CSR AND EMPLOYMENT AWARD
Winner: Wurth Australia
Sponsor: SITA and Adecco
Finalists: SRXGlobal, Future Metals Recycling, Norden Body Works
SERGE Oppedisano was once a Wurth customer, self-employed in the service station industry.
He so admired the assembly and fastening materials supplier that he contacted the company and asked for a job with a hand-written resume.
“I told a few fibs on that resume,” he said.
“I started as a sales consultant.”
That was 15 years ago. He rose through the ranks to become Australian CEO and Australia and New Zealand managing director and said he wouldn’t want to be anywhere else.
“For me, work is like a big playground,” Mr Oppedisano said.
He said the Dandenong South workplace was special.
“We have many goose bump moments at work,” he said.
The multinational organisation’s headquarters and origins are in post-World War II Germany.

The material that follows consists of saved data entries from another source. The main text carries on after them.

Lemma cobdry_add b b' t :
  cobdry (fun u => (b u + b' u)%Z) t = (cobdry b t + cobdry b' t)%Z.
Proof.
  revert b b'; induction t as [|x t IH]; intros b b'; [reflexivity|].
  rewrite !cobdry_cons.
  change (head_slice x (fun u => (b u + b' u)%Z))
    with (fun u => (head_slice x b u + head_slice x b' u)%Z).
  rewrite IH. lia.
Qed.

Lemma cobdry_opp b t : cobdry (fun u => (- b u)%Z) t = (- cobdry b t)%Z.
Proof.
  revert b; induction t as [|x t IH]; intros b; [reflexivity|].
  rewrite !cobdry_cons.
  change (head_slice x (fun u => (- b u)%Z)) with (fun u => (- head_slice x b u)%Z).
  rewrite IH. lia.
Qed.

Lemma cobdry_sub b b' t :
  cobdry (fun u => (b u - b' u)%Z) t = (cobdry b t - cobdry b' t)%Z.
Proof.
  change (fun u => (b u - b' u)%Z) with (fun u => (b u + (fun v => (- b' v)%Z) u)%Z).
  rewrite cobdry_add, cobdry_opp. lia.
Qed.

Lemma cobdry_zero t : cobdry (fun _ => 0%Z) t = 0%Z.
Proof.
  induction t as [|x t IH]; [reflexivity|].
  rewrite cobdry_cons. unfold head_slice. rewrite IH. reflexivity.
Qed.

Lemma head_slice_cobdry x b :
  head_slice x (cobdry b) = fun u => (b u - cobdry (head_slice x b) u)%Z.
Proof. apply functional_extensionality; intro u. apply cobdry_cons. Qed.

Lemma cobdry_cobdry b t : cobdry (cobdry b) t = 0%Z.
Proof.
  revert b; induction t as [|x t IH]; intros b; [reflexivity|].
  rewrite cobdry_cons, head_slice_cobdry, cobdry_sub, IH. lia.
Qed.

Lemma cobdry_map (g : nat -> nat) b s :
  cobdry (fun t => b (map g t)) s = cobdry b (map g s).
Proof.
  revert b; induction s as [|x s IH]; intros b; [reflexivity|].
  cbn [map]. rewrite !cobdry_cons, <- IH. reflexivity.
Qed.

Definition avoid (v : nat) (phi : cochain) : cochain :=
  fun t => if in_dec Nat.eq_dec v t then 0%Z else phi t.

(** The cone operator with apex [v]: if [v] occurs exactly once in [s], at
    position [k], then [cone v phi s = (-1)^k phi (s without v)]; otherwise it is 0.
    It is the homotopy used to extend cochains across the star of a vertex. *)
Fixpoint cone (v : nat) (phi : cochain) (s : list nat) : Z :=
  match s with
  | [] => 0%Z
  | x :: t => if Nat.eq_dec x v then avoid v phi t
              else (- cone v (head_slice x phi) t)%Z
  end.

Lemma cone_absent v phi t : ~ In v t -> cone v phi t = 0%Z.
Proof.
  revert phi; induction t as [|x t IH]; intros phi Hv; [reflexivity|]. cbn [cone].
  destruct (Nat.eq_dec x v) as [->|Hx]; [now destruct Hv; left|].
  rewrite IH; [reflexivity|]. intro H; apply Hv; right; exact H.
Qed.

Lemma cone_sub v phi psi t :
  cone v (fun u => (phi u - psi u)%Z) t = (cone v phi t - cone v psi t)%Z.
Proof.
  revert phi psi; induction t as [|x t IH]; intros phi psi; [reflexivity|]. cbn [cone].
  destruct (Nat.eq_dec x v).
  - unfold avoid. destruct (in_dec Nat.eq_dec v t); lia.
  - change (head_slice x (fun u => (phi u - psi u)%Z))
      with (fun u => (head_slice x phi u - head_slice x psi u)%Z).
    rewrite IH. lia.
Qed.

Lemma cone_zero v s : cone v (fun _ => 0%Z) s = 0%Z.
Proof.
  induction s as [|x t IH]; [reflexivity|]. cbn [cone].
  destruct (Nat.eq_dec x v).
  - unfold avoid. now destruct (in_dec Nat.eq_dec v t).
  - change (head_slice x (fun _ => 0%Z)) with (fun _ : list nat => 0%Z). rewrite IH. reflexivity.
Qed.

Lemma cone_agree v phi phi' s :
  (forall u, ~ In v u -> incl u s -> S (length u) = length s -> phi u = phi' u) ->
  cone v phi s = cone v phi' s.
Proof.
  revert phi phi'; induction s as [|x t IH]; intros phi phi' H; [reflexivity|]. cbn [cone].
  destruct (Nat.eq_dec x v) as [Hx|Hx].
  - unfold avoid. destruct (in_dec Nat.eq_dec v t) as [|Hv]; [reflexivity|].
    apply H; [exact Hv | intros a Ha; right; exact Ha | reflexivity].
  - f_equal. apply IH. intros u Hu Hi Hl. apply H.
    + intros [Hxv|Hvu]; [exact (Hx Hxv) | exact (Hu Hvu)].
    + intros a [Ha|Ha]; [left; exact Ha | right; exact (Hi a Ha)].
    + cbn; lia.
Qed.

A 19-year-old Reinhold Wurth in 1954 took over the family business of wholesaling screws, nuts and bolts from his father and started to grow the business internationally and through acquisition.

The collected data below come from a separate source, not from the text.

(* Let $(X,\tau)$ be an extended locally convex space and let $\tau_F$ be its finest locally convex topology. Then $(X,\tau)$ is Hausdorff if and only if $(X,\tau_F)$ is Hausdorff.
   Context: An extended seminorm on a vector space $X$ over $\mathbb{R}$ or $\mathbb{C}$ is a map $\rho:X\to[0,\infty]$ with $\rho(\alpha x)=|\alpha|\rho(x)$ and $\rho(x+y)\le\rho(x)+\rho(y)$. An extended locally convex space $(X,\tau)$ is a vector space with the topology induced by a family $\{\rho_i\}$ of extended seminorms (neighborhood base at $x_0$: $\{x:\max_{i\in J}\rho_i(x-x_0)<\varepsilon\}$, $J$ finite, $\varepsilon>0$). A locally convex topology is one induced in this way by finite-valued seminorms. The finest locally convex topology $\tau_F$ of $(X,\tau)$ is the locally convex topology on $X$ with $\tau_F\subseteq\tau$ such that every locally convex topology $\sigma\subseteq\tau$ on $X$ satisfies $\sigma\subseteq\tau_F$. *)

From mathcomp Require Import all_boot all_order all_algebra.
From mathcomp Require Import classical_sets cardinality reals constructive_ereal ereal.
From mathcomp Require Import complex.
Import GRing.Theory Num.Theory.

Set Implicit Arguments.
Unset Strict Implicit.
Unset Printing Implicit Defensive.

Local Open Scope classical_set_scope.
Local Open Scope ring_scope.
Local Open Scope ereal_scope.

(* The real numbers are an arbitrary [R : realType]; the scalar field [K] is
   either R or R[i]; [absK : K -> R] is the absolute value of scalars. *)

Section ExtendedLCS.
Variables (R : realType) (K : numFieldType) (absK : K -> R) (X : lmodType K).

Definition ext_seminorm (rho : X -> \bar R) : Prop :=
  [/\ forall x, 0 <= rho x,
      forall (a : K) x, rho (a *: x) = (absK a)%:E * rho x &
      forall x y, rho (x + y)%R <= rho x + rho y].

Definition seminorm (rho : X -> \bar R) : Prop :=
  ext_seminorm rho /\ forall x, rho x < +oo.

Definition induced_topology (I : Type) (rho : I -> X -> \bar R) : set (set X) :=
  [set U | forall x0, U x0 ->
     exists (J : set I) (eps : R), [/\ finite_set J, (0 < eps)%R &
       [set x | forall i, J i -> rho i (x - x0)%R < eps%:E] `<=` U]].

Definition ext_locally_convex (tau : set (set X)) : Prop :=
  exists (I : Type) (rho : I -> X -> \bar R),
    (forall i, ext_seminorm (rho i)) /\ tau = induced_topology rho.

Definition locally_convex (sigma : set (set X)) : Prop :=
  exists (I : Type) (rho : I -> X -> \bar R),
    (forall i, seminorm (rho i)) /\ sigma = induced_topology rho.

Definition finest_lc_topology (tau tauF : set (set X)) : Prop :=
  [/\ locally_convex tauF, tauF `<=` tau &
      forall sigma, locally_convex sigma -> sigma `<=` tau -> sigma `<=` tauF].

Definition hausdorff (tau : set (set X)) : Prop :=
  forall x y : X, x <> y ->
    exists U V, [/\ tau U, tau V, U x, V y & U `&` V = set0].

End ExtendedLCS.

Definition absC (R : realType) (z : R[i]) : R := ComplexField.Normc.normc z.

(** If [x <> y] in the Hausdorff space [(X, tau)], some generating extended
    seminorm [rho] is nonzero at [x - y].  Hahn-Banach still works for a
    sublinear functional with values in [[0, +oo]]: by Zorn's lemma on graphs
    of partial real-linear functionals dominated by [rho], one gets a
    real-linear [f <= rho] with [f (x - y) > 0].  Then [q = |f|], or over the
    complex numbers [q z = |f z - i f (i z)|], is a finite seminorm with
    [q <= 2 rho] and [q (x - y) > 0].  The topology of [q] is locally convex
    and coarser than [tau], hence coarser than [tau_F], and its balls of
    radius [q (x - y) / 2] around [x] and [y] are disjoint.  Conversely
    [tau_F] is coarser than [tau]. *)

From HB Require Import structures.
From mathcomp Require Import all_boot all_order all_algebra.
From mathcomp Require Import classical_sets cardinality reals constructive_ereal ereal.
From mathcomp Require Import complex.
From mathcomp Require Import boolp ring lra.
Import GRing.Theory Num.Theory Order.TTheory.

Set Implicit Arguments.
Unset Strict Implicit.
Unset Printing Implicit Defensive.

Local Open Scope classical_set_scope.
Local Open Scope ring_scope.

Section SeminormTopology.
Variables (R : realType) (K : numFieldType) (absK : K -> R) (X : lmodType K).
Hypotheses (absKN1 : absK (-1) = 1) (absK0 : absK 0 = 0).

Lemma ext_seminormN (rho : X -> \bar R) : ext_seminorm absK rho ->
  forall x, rho (- x) = rho x.
Proof. by case=> _ rhoZ _ x; rewrite -scaleN1r rhoZ absKN1 mul1e. Qed.

Lemma ext_seminorm0 (rho : X -> \bar R) : ext_seminorm absK rho -> rho 0 = 0%E.
Proof. by case=> _ rhoZ _; rewrite -(scale0r (0 : X)) rhoZ absK0 mul0e. Qed.

Definition real_seminorm (q : X -> R) :=
  [/\ forall x, 0 <= q x, forall a x, q (a *: x) = absK a * q x &
      forall x y, q (x + y) <= q x + q y].

Lemma real_seminorm_EFin q : real_seminorm q -> seminorm absK (fun x => (q x)%:E).
Proof.
case=> q_ge0 qZ qD; split=> [|x]; last exact: ltry.
by split=> [x|a x|x y]; rewrite ?lee_fin ?qZ ?EFinM -?EFinD ?lee_fin.
Qed.

Lemma real_seminorm0 q : real_seminorm q -> q 0 = 0.
Proof. by case=> _ qZ _; rewrite -(scale0r (0 : X)) qZ absK0 mul0r. Qed.

Lemma real_seminormN q : real_seminorm q -> forall x, q (- x) = q x.
Proof. by case=> _ qZ _ x; rewrite -scaleN1r qZ absKN1 mul1r. Qed.

Definition seminorm_topology (q : X -> R) :=
  induced_topology (fun _ : unit => fun x => (q x)%:E).

Lemma seminorm_topology_lc q : real_seminorm q ->
  locally_convex absK (seminorm_topology q).
Proof.
move=> qsn; exists unit, (fun _ x => (q x)%:E).
by split=> // _; exact: real_seminorm_EFin.
Qed.

Lemma seminorm_topology_sub (I : Type) (rho : I -> X -> \bar R) i q (C : R) :
  0 < C -> (forall x, ((q x)%:E <= C%:E * rho i x)%E) ->
  seminorm_topology q `<=` induced_topology rho.
Proof.
move=> C_gt0 qC U qU x0 Ux0.
have [J [eps [_ eps_gt0 ballU]]] := qU x0 Ux0.
exists [set i], (eps / C); split; [exact: finite_set1 | by rewrite divr_gt0 |].
move=> x /(_ i erefl) rho_x; apply: ballU => j _ /=.
apply: le_lt_trans (qC _) _.
by rewrite -lte_pdivlMl // -EFinM mulrC.
Qed.

Lemma seminorm_ball_open q x (r : R) : real_seminorm q ->
  seminorm_topology q [set z | q (z - x) < r].
Proof.
case=> _ _ qD x0 /= x0x; exists [set tt], (r - q (x0 - x)).
split; [exact: finite_set1 | by rewrite subr_gt0 |].
move=> z /(_ tt erefl); rewrite lte_fin /= => zx0.
by have := qD (z - x0) (x0 - x); rewrite addrA subrK => ?; lra.
Qed.

Lemma seminorm_topology_separates q x y : real_seminorm q -> 0 < q (x - y) ->
  exists U V, [/\ seminorm_topology q U, seminorm_topology q V, U x, V y &
                  U `&` V = set0].
Proof.
move=> qsn qxy; pose r := q (x - y) / 2.
exists [set z | q (z - x) < r], [set z | q (z - y) < r].
split; try exact: seminorm_ball_open.
- by rewrite /= subrr (real_seminorm0 qsn) divr_gt0.
- by rewrite /= subrr (real_seminorm0 qsn) divr_gt0.
apply/seteqP; split=> // z [/= zx zy]; case: (qsn) => _ _ qD.
have := qD (x - z) (z - y).
by rewrite addrA subrK -[x - z]opprB (real_seminormN qsn) => ?; rewrite /r in zx zy; lra.
Qed.

Lemma ext_seminorm_separates (I : Type) (rho : I -> X -> \bar R) x y :
  (forall i, ext_seminorm absK (rho i)) -> hausdorff (induced_topology rho) ->
  x <> y -> exists i, rho i (x - y) <> 0%E.
Proof.
move=> rho_sn T2 /T2 [U [V [UT _ Ux Vy UV]]].
apply: contrapT => /forallNP rho_xy.
have [J [eps [_ eps_gt0 ballU]]] := UT x Ux.
suff Uy : U y by have : (U `&` V) y by []; rewrite UV.
apply: ballU => i _ /=.
by rewrite -opprB (ext_seminormN (rho_sn i)) (contrapT (rho_xy i)) lte_fin.
Qed.

Definition has_seminorm_minorants :=
  forall rho : X -> \bar R, ext_seminorm absK rho -> forall v, rho v <> 0%E ->
    exists2 q, real_seminorm q & 0 < q v /\
      exists2 C : R, 0 < C & forall x, ((q x)%:E <= C%:E * rho x)%E.

Theorem hausdorff_finest_lc : has_seminorm_minorants ->
  forall tau tauF : set (set X), ext_locally_convex absK tau ->
  finest_lc_topology absK tau tauF ->
  (hausdorff tau <-> hausdorff tauF).
Proof.
move=> minor _ tauF [I [rho [rho_sn ->]]] [_ tauF_sub tauF_max].
split=> [T2 x y xy | T2F x y /T2F [U [V [UF VF Ux Vy UV]]]]; last first.
  by exists U, V; split => //; exact: tauF_sub.
have [i rho_xy] := ext_seminorm_separates rho_sn T2 xy.
have [q qsn [q_xy [C C_gt0 qC]]] := minor _ (rho_sn i) _ rho_xy.
have q_tauF := tauF_max _ (seminorm_topology_lc qsn) (seminorm_topology_sub C_gt0 qC).
have [U [V [Uq Vq Ux Vy UV]]] := seminorm_topology_separates qsn q_xy.
by exists U, V; split => //; exact: q_tauF.
Qed.

End SeminormTopology.

Section ExtendedHahnBanach.
Variables (R : realType) (V : lmodType R) (rho : V -> \bar R).
Hypothesis rho_sn : ext_seminorm (@Num.norm R R) rho.

Let rho_ge0 x : (0 <= rho x)%E. Proof. by case: rho_sn. Qed.
Let rhoZ t x : rho (t *: x) = (`|t|%:E * rho x)%E. Proof. by case: rho_sn. Qed.
Let rhoD x y : (rho (x + y) <= rho x + rho y)%E. Proof. by case: rho_sn. Qed.
Let rhoN : forall x, rho (- x) = rho x :=
  ext_seminormN (absK := Num.norm) (normrN1 R) rho_sn.
Let rho0 : rho 0 = 0%E := ext_seminorm0 (absK := Num.norm) (normr0 R) rho_sn.

(* [G (d, a)] reads [f d = a] for a partial linear functional [f <= rho]. *)
Definition dominated_graph (G : set (V * R)) :=
  [/\ forall p q, G p -> G q -> G (p.1 + q.1, p.2 + q.2),
      forall t p, G p -> G (t *: p.1, t * p.2) &
      forall p, G p -> ((p.2)%:E <= rho p.1)%E].

Definition graph_extension (G : set (V * R)) (w : V) (c : R) :=
  [set p | exists t d a, G (d, a) /\ p = (d + t *: w, a + t * c)].

Lemma graph_extension_sub G w c : G `<=` graph_extension G w c.
Proof. by move=> [d a] Gda; exists 0, d, a; rewrite scale0r mul0r !addr0. Qed.

Section DominatedGraph.
Variable G : set (V * R).
Hypothesis domG : dominated_graph G.

Lemma dominated_graph00 : G !=set0 -> G (0, 0).
Proof. by case: domG => _ GZ _ [[d a] /(GZ 0)]; rewrite scale0r mul0r. Qed.

Lemma dominated_graphN d a : G (d, a) -> G (- d, - a).
Proof. by case: domG => _ GZ _ /(GZ (-1)); rewrite scaleN1r mulN1r. Qed.

Lemma dominated_graph_fun x a b : G (x, a) -> G (x, b) -> a = b.
Proof.
case: domG => GD _ Gle xa xb.
have ab := Gle _ (GD _ _ xa (dominated_graphN xb)).
have ba := Gle _ (GD _ _ xb (dominated_graphN xa)).
move: ab ba; rewrite /= !subrr rho0 !lee_fin !subr_le0 => ab ba.
by apply/eqP; rewrite eq_le ab ba.
Qed.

Reinhold’s daughter Bettina today leads the organisation, which has more than 60,000 employees worldwide.
The Australian arm started in Dingley in 1982 and now employs about 550 people across the country and is in the top 15 of the 400-plus Wurth companies throughout the world – ahead of the US operation.
“Family values shine through in everything they do whether the task is big or small,” awards chairman James Sturgess said.
“The family orientation and values are well and truly alive through Serge’s leadership in Australia.”
More than 15 per cent of the Australian Wurth workforce has more than 10 years’ service.
The company provides three award presentation events across Australia each year and has a family Christmas party every second year.
Wurth Australia proudly supports Swinburne University with research funds and from time to time funds projects with Standards Australia.
The company supports different charity organisations through monthly staff events, provides flu shots, meditation and massages for workers, and assists with corporate health insurance through Bupa.
The business has a monthly newsletter for staff and their families called Wurth Reading.
It’s provided sales consultants with iPads so they can identify stock levels, pricing, invoicing, product demonstrations and customer analysis on the spot with customers.
Mr Sturgess said Wurth had established a world class training academy in Dandenong South to train staff and customers in its products and services, and lived by its statement “safety is by choice and not by chance”.
Wurth was nominated for the CSR and Employment, Retail and Commercial and Premier Regional Business awards.
It was a finalist in the Retail and Commercial and Premier Regional Business categories.